In alternativa, potrai recarti personalmente presso una delle sedi dell’Agenzia delle Entrate.

Conseguenze in Caso di Mancata Registrazione del Contratto

Indipendentemente dalla tipologia di contratto di locazione stipulato, la mancata registrazione del contratto implica rischi significativi per proprietario e inquilino, che possono andare dalla restituzione del canone di locazione, alla mancanza di preavviso alla conclusione dell’affitto, fino ad arrivare a sanzioni per l’imposta di registro non pagata. La registrazione del contratto è la prova dell’esistenza stessa del contratto, ed è questo che tutela sia il proprietario che l’inquilino.

La domanda che molti padroni di casa si pongono è se un contratto di affitto non registrato è valido. Chiariamo subito che per legge, un contratto di affitto non registrato è nullo. Ma nella pratica cosa comporta la nullità del contratto? 

I padroni di casa che per risparmiare qualche soldo dall’imposta di registro e di bollo optano per l’affitto in nero, in realtà si stanno esponendo a rischi molto grossi. Se infatti un contratto non è registrato, l’inquilino non è tenuto a rispettarlo.

Tanto per cominciare, come chiarito da una recente sentenza della Corte di Cassazione, i pagamenti che sono derivati dal canone di locazione non registrato sono da considerarsi pagamenti illegittimi, e di conseguenza,

  • l’inquilino non è tenuto a corrispondere il canone di affitto
  • l’inquilino può chiedere la restituzione dei canoni di affitto corrisposti in passato, fino a quando il contratto è rimasto “in nero”

Ma c’è ben altro, perché l’inquilino non è tenuto a rispettare i termini di durata dell’affitto (come invece avviene con un contratto regolare) e può lasciare l’appartamento in qualsiasi momento, anche senza dare il minimo preavviso.

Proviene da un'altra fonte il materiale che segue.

Lemma agree_indeg_rcons D1 D2 a1 a2 j : size D1 = size D2 ->
  agree_indeg (rcons D1 a1) (rcons D2 a2) j =
  (agree_indeg D1 D2 j + (a1.2 == j) && (a2.2 == j))%N.
Proof. by move=> e; rewrite /agree_indeg zip_rcons // -cats1 count_cat /= addn0. Qed.

Lemma diverge_indeg_rcons D1 D2 a1 a2 j : size D1 = size D2 ->
  diverge_indeg (rcons D1 a1) (rcons D2 a2) j =
  (diverge_indeg D1 D2 j + (a1.2 != j) && (a2.2 == j))%N.
Proof. by move=> e; rewrite /diverge_indeg zip_rcons // -cats1 count_cat /= addn0. Qed.

End Runs.

Lemma le_prob (R : realType) n m (S1 S2 : strategy n) (P1 P2 : seq (Defs.arc n) -> Prop) :
  (forall t : m.-tuple 'I_n, P1 (run S1 t) -> P2 (run S2 t)) ->
  prob (R:=R) m S1 P1 <= prob (R:=R) m S2 P2.
Proof.
move=> P12; rewrite /prob ler_wpM2r ?invr_ge0 ?ler0n // ler_nat.
apply: subset_leq_card; apply/subsetP => t; rewrite !inE => /asboolP P1t.
by apply/asboolP; apply: P12.
Qed.

Section Capped.
Variables (R : realType) (n : nat) (mu : R).
Implicit Types (D h : seq (Defs.arc n)) (u w : 'I_n).

Definition admissible h u w : bool :=
  [&& w != u, ~~ adjacent h u w & ((indeg h w).+1)%:R <= mu].

Lemma exists_admissible (c : R) h u : c < 1 -> 1 < mu * (1 - c) ->
  ((size h).+1)%:R <= c * n%:R -> exists w, admissible h u w.
Proof.
move=> c1 mu_large size_h; case: (pickP (admissible h u)) => [w|none]; first by exists w.
exfalso.
set A := [set w | adjacent h u w]; set H := [set w | mu - 1 <= (indeg h w)%:R].
have cover : [set: 'I_n] \subset [set u] :|: A :|: H.
  apply/subsetP => w _; move: (none w); rewrite /admissible !inE.
  case: eqP => [->|_ /=]; first by [].
  case: (adjacent h u w) => //= /negbT; rewrite -ltNge -addn1 natrD; lra.
have card_n : (n <= 1 + #|A| + #|H|)%N.
  have := subset_leq_card cover; rewrite cardsT card_ord => /leq_trans; apply.
  rewrite (leq_trans (leq_card_setU _ _)) // leq_add2r -(cards1 u).
  exact: leq_card_setU.
have card_A := card_adjacent_le h u; have card_H := card_indeg_ge h (mu - 1).
move: card_n card_A; rewrite -!(ler_nat R) !natrD => card_n card_A.
rewrite -addn1 natrD in size_h.
set a := #|A|%:R in card_n card_A; set k := #|H|%:R in card_n card_H.
set t := (size h)%:R in size_h card_A card_H.
have N0 : 0 <= n%:R :> R by []; have t0 : 0 <= t by [].
have c0 : 0 < c by nra.
have mu_gt1 : 1 < mu by nra.
have many_saturated : (1 - c) * n%:R <= k by lra.
nra.
Qed.

Variable S1 : strategy n.

Definition capped_choice h h1 u : 'I_n :=
  let v := S1 h1 u in
  if [&& v != u, ~~ adjacent h u v & ((indeg h1 v).+1)%:R <= mu] then v
  else odflt u [pick w | admissible h u w].

(* S2 sees only its own history; S1's history is recomputed from the squares in it. *)
Definition capped : strategy n := fun h u => capped_choice h (run S1 (map fst h)) u.

Lemma run_capped_rcons us u : run capped (rcons us u) =
  rcons (run capped us) (u, capped_choice (run capped us) (run S1 us) u).
Proof. by rewrite run_rcons /capped map_fst_run. Qed.

Lemma capped_choice_keep h h1 u : S1 h1 u != u -> ~~ adjacent h u (S1 h1 u) ->
  ((indeg h1 (S1 h1 u)).+1)%:R <= mu -> capped_choice h h1 u = S1 h1 u.
Proof. by move=> vu nadj deg; rewrite /capped_choice vu nadj deg. Qed.

Lemma capped_choice_spec h h1 u : (exists w, admissible h u w) ->
  let x := capped_choice h h1 u in
  [/\ x != u, ~~ adjacent h u x &
     (x = S1 h1 u /\ ((indeg h1 x).+1)%:R <= mu) \/ ((indeg h x).+1)%:R <= mu].
Proof.
move=> [w0 adm0]; rewrite /capped_choice /=.
case: ifP => [/and3P[vu nadj deg]|_]; first by split => //; left.
case: pickP => [w /and3P[wu nadj deg]|/(_ w0)]; last by rewrite adm0.
by split => //; right.
Qed.

Lemma adjacent_capped us x y : x != y -> adjacent (run S1 us) x y ->
  (indeg (run S1 us) x)%:R <= mu -> (indeg (run S1 us) y)%:R <= mu ->
  adjacent (run capped us) x y.
Proof.
move=> xy; elim/last_ind: us => [|us u IH] //.
rewrite run_capped_rcons run_rcons !adjacent_rcons !indeg_rcons /=.
set h := run capped us; set h1 := run S1 us => adj1 degx degy.
have degx' : (indeg h1 x)%:R <= mu by apply: le_trans degx; rewrite ler_nat leq_addr.
have degy' : (indeg h1 y)%:R <= mu by apply: le_trans degy; rewrite ler_nat leq_addr.
case/orP: adj1 => [new|old]; last by rewrite IH ?orbT.
have [|nadj] := boolP (adjacent h x y); first by rewrite orbT.
case/orP: new => /andP[/eqP ux /eqP vy]; subst u.
- rewrite vy eqxx addn1 in degy.
  by rewrite capped_choice_keep ?vy ?eqxx // eq_sym.
- rewrite vy eqxx addn1 in degx.
  by rewrite capped_choice_keep ?vy ?eqxx ?orbT // adjacentC.
Qed.

Section Rounds.
Variable m : nat.
Hypothesis admissible_exists : forall h u, (size h < m)%N -> exists w, admissible h u w.
Hypothesis mu_ge0 : 0 <= mu.

Lemma capped_step us u : (size us < m)%N ->
  let x := capped_choice (run capped us) (run S1 us) u in
  [/\ x != u, ~~ adjacent (run capped us) u x &
     (x = S1 (run S1 us) u /\ ((indeg (run S1 us) x).+1)%:R <= mu)
     \/ ((indeg (run capped us) x).+1)%:R <= mu].
Proof. by move=> size_us; apply/capped_choice_spec/admissible_exists; rewrite size_run. Qed.

Lemma size_run_capped us : size (run S1 us) = size (run capped us).
Proof. by rewrite !size_run. Qed.

Lemma agree_indeg_capped us j : (size us <= m)%N ->
  (agree_indeg (run S1 us) (run capped us) j)%:R <= mu.
Proof.
elim/last_ind: us => [|us u IH] size_us; first by rewrite /agree_indeg.
rewrite size_rcons in size_us; have [xu _ kept] := capped_step u size_us.
rewrite run_capped_rcons run_rcons agree_indeg_rcons ?size_run_capped //=.
case: eqP => [_|_] /=; last by rewrite addn0; apply/IH/ltnW.
case: eqP => [xj|_] /=; last by rewrite addn0; apply/IH/ltnW.
rewrite addn1; case: kept => [[_ deg]|deg]; apply: le_trans deg; rewrite ler_nat ltnS -xj.
- exact/agree_indeg_le/size_run_capped.
- by rewrite (indeg_agree_diverge _ (size_run_capped us)) leq_addr.
Qed.

Lemma diverge_indeg_capped us j : (size us <= m)%N ->
  (diverge_indeg (run S1 us) (run capped us) j)%:R <= mu.
Proof.
elim/last_ind: us => [|us u IH] size_us; first by rewrite /diverge_indeg.
rewrite size_rcons in size_us; have [xu _ kept] := capped_step u size_us.
rewrite run_capped_rcons run_rcons diverge_indeg_rcons ?size_run_capped //=.
case: eqP => [_|vj] /=; first by rewrite addn0; apply/IH/ltnW.
case: eqP => [xj|_] /=; last by rewrite addn0; apply/IH/ltnW.
rewrite addn1; case: kept => [[xv _]|deg]; first by case: vj; rewrite -xv.
apply: le_trans deg; rewrite ler_nat ltnS -xj.
by rewrite (indeg_agree_diverge _ (size_run_capped us)) leq_addl.
Qed.

Lemma indeg_capped us j : (size us <= m)%N -> (indeg (run capped us) j)%:R <= 2 * mu.
Proof.
move=> size_us; rewrite (indeg_agree_diverge _ (size_run_capped us)) natrD mulr_natl mulr2n.
by rewrite lerD ?agree_indeg_capped ?diverge_indeg_capped.
Qed.

Lemma simple_capped us : (size us <= m)%N -> simple_graph (run capped us).
Proof.
elim/last_ind: us => [|us u IH] size_us; first by [].
rewrite size_rcons in size_us; have [xu nadj _] := capped_step u size_us.
have [loopless pairwise_distinct] := IH (ltnW size_us).
rewrite run_capped_rcons; split.
  by move=> a; rewrite mem_rcons inE => /orP[/eqP ->|/loopless] //=; rewrite eq_sym.
rewrite -cats1 pairwise_cat pairwise_distinct allrel1r /= andbT.
by move: nadj; rewrite /adjacent -all_predC.
Qed.

Lemma PM_capped us delta : (size us <= m)%N ->
  PM (run S1 us) mu delta -> PM (run capped us) (2 * mu) delta.
Proof.
move=> size_us [S [[p match_p] deg_S size_S]]; exists S; split.
- exists p => x xS; have [pxS pxx ppx adj] := match_p x xS; split => //.
  by apply: adjacent_capped; rewrite 1?eq_sym ?deg_S.
- by move=> j _; apply: indeg_capped.
- by rewrite size_run -(size_run S1).
Qed.

End Rounds.
End Capped.

Theorem proposition9 (R : realType) (c : R) (mu : nat -> R) :
  0 < c < 1 ->
  (forall M : R, exists N : nat, forall n : nat, (N <= n)%N -> M <= mu n) ->
  forall S1 : forall n : nat, strategy n,
  exists N : nat, forall n : nat, (N <= n)%N ->
  exists S2 : strategy n,
    [/\ well_behaved S2 (2 * mu n) (rounds c n),
        never_multi S2 (rounds c n)
      & prob (R:=R) (rounds c n) (S1 n) (fun D => PM D (mu n) (mu n)^-1)
          <= prob (R:=R) (rounds c n) S2 (fun D => PM D (2 * mu n) (mu n)^-1)].
Proof.
move=> /andP[c_gt0 c_lt1] mu_to_oo S1.
have [N mu_ge] := mu_to_oo ((1 - c)^-1 + 1).
exists N => n Nn; set m := rounds c n.
have mu_large : 1 < mu n * (1 - c).
  have gap : 0 < 1 - c by rewrite subr_gt0.
  have := ler_wpM2r (ltW gap) (mu_ge n Nn); rewrite mulrDl mulVf ?gt_eqF //; lra.
have mu_ge0 : 0 <= mu n by nra.
have m_le : m%:R <= c * n%:R by rewrite truncn_le mulr_ge0 // ltW.
have adm (h : seq (Defs.arc n)) (u : 'I_n) : (size h < m)%N -> exists w, admissible (mu n) h u w.
  move=> size_h; apply: (exists_admissible u c_lt1 mu_large).
  by apply: le_trans m_le; rewrite ler_nat.
exists (capped (mu n) (S1 n)); split.
- by move=> us size_us j; apply: (indeg_capped (S1 n) adm mu_ge0).
- by move=> us; apply: (simple_capped (S1 n) adm).
- by apply: le_prob => t; apply: (PM_capped adm mu_ge0); rewrite size_tuple.
Qed.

Se, al contrario, è il proprietario che decide di mandare via l’inquilino moroso, senza il contratto non può procedere con lo sfratto esecutivo per mandare via l’inquilino, ma dovrà effettuare una causa ordinaria di occupazione senza titolo (cioè senza contratto) con costi e tempi ben maggiori.

Sono inoltre previste delle sanzioni amministrative per chi omette di registrare il contratto: sanzione dal 120% al 240% dell’imposta di registro dovuta. L’importo minimo della sanzione è di 200 euro, ed è dimezzata per l’affitto degli immobili ad uso commerciale.

In conclusione, anche se decidere di non registrare un contratto di affitto può a primo sguardo sembrare la soluzione più economica, comporta in realtà grossi rischi.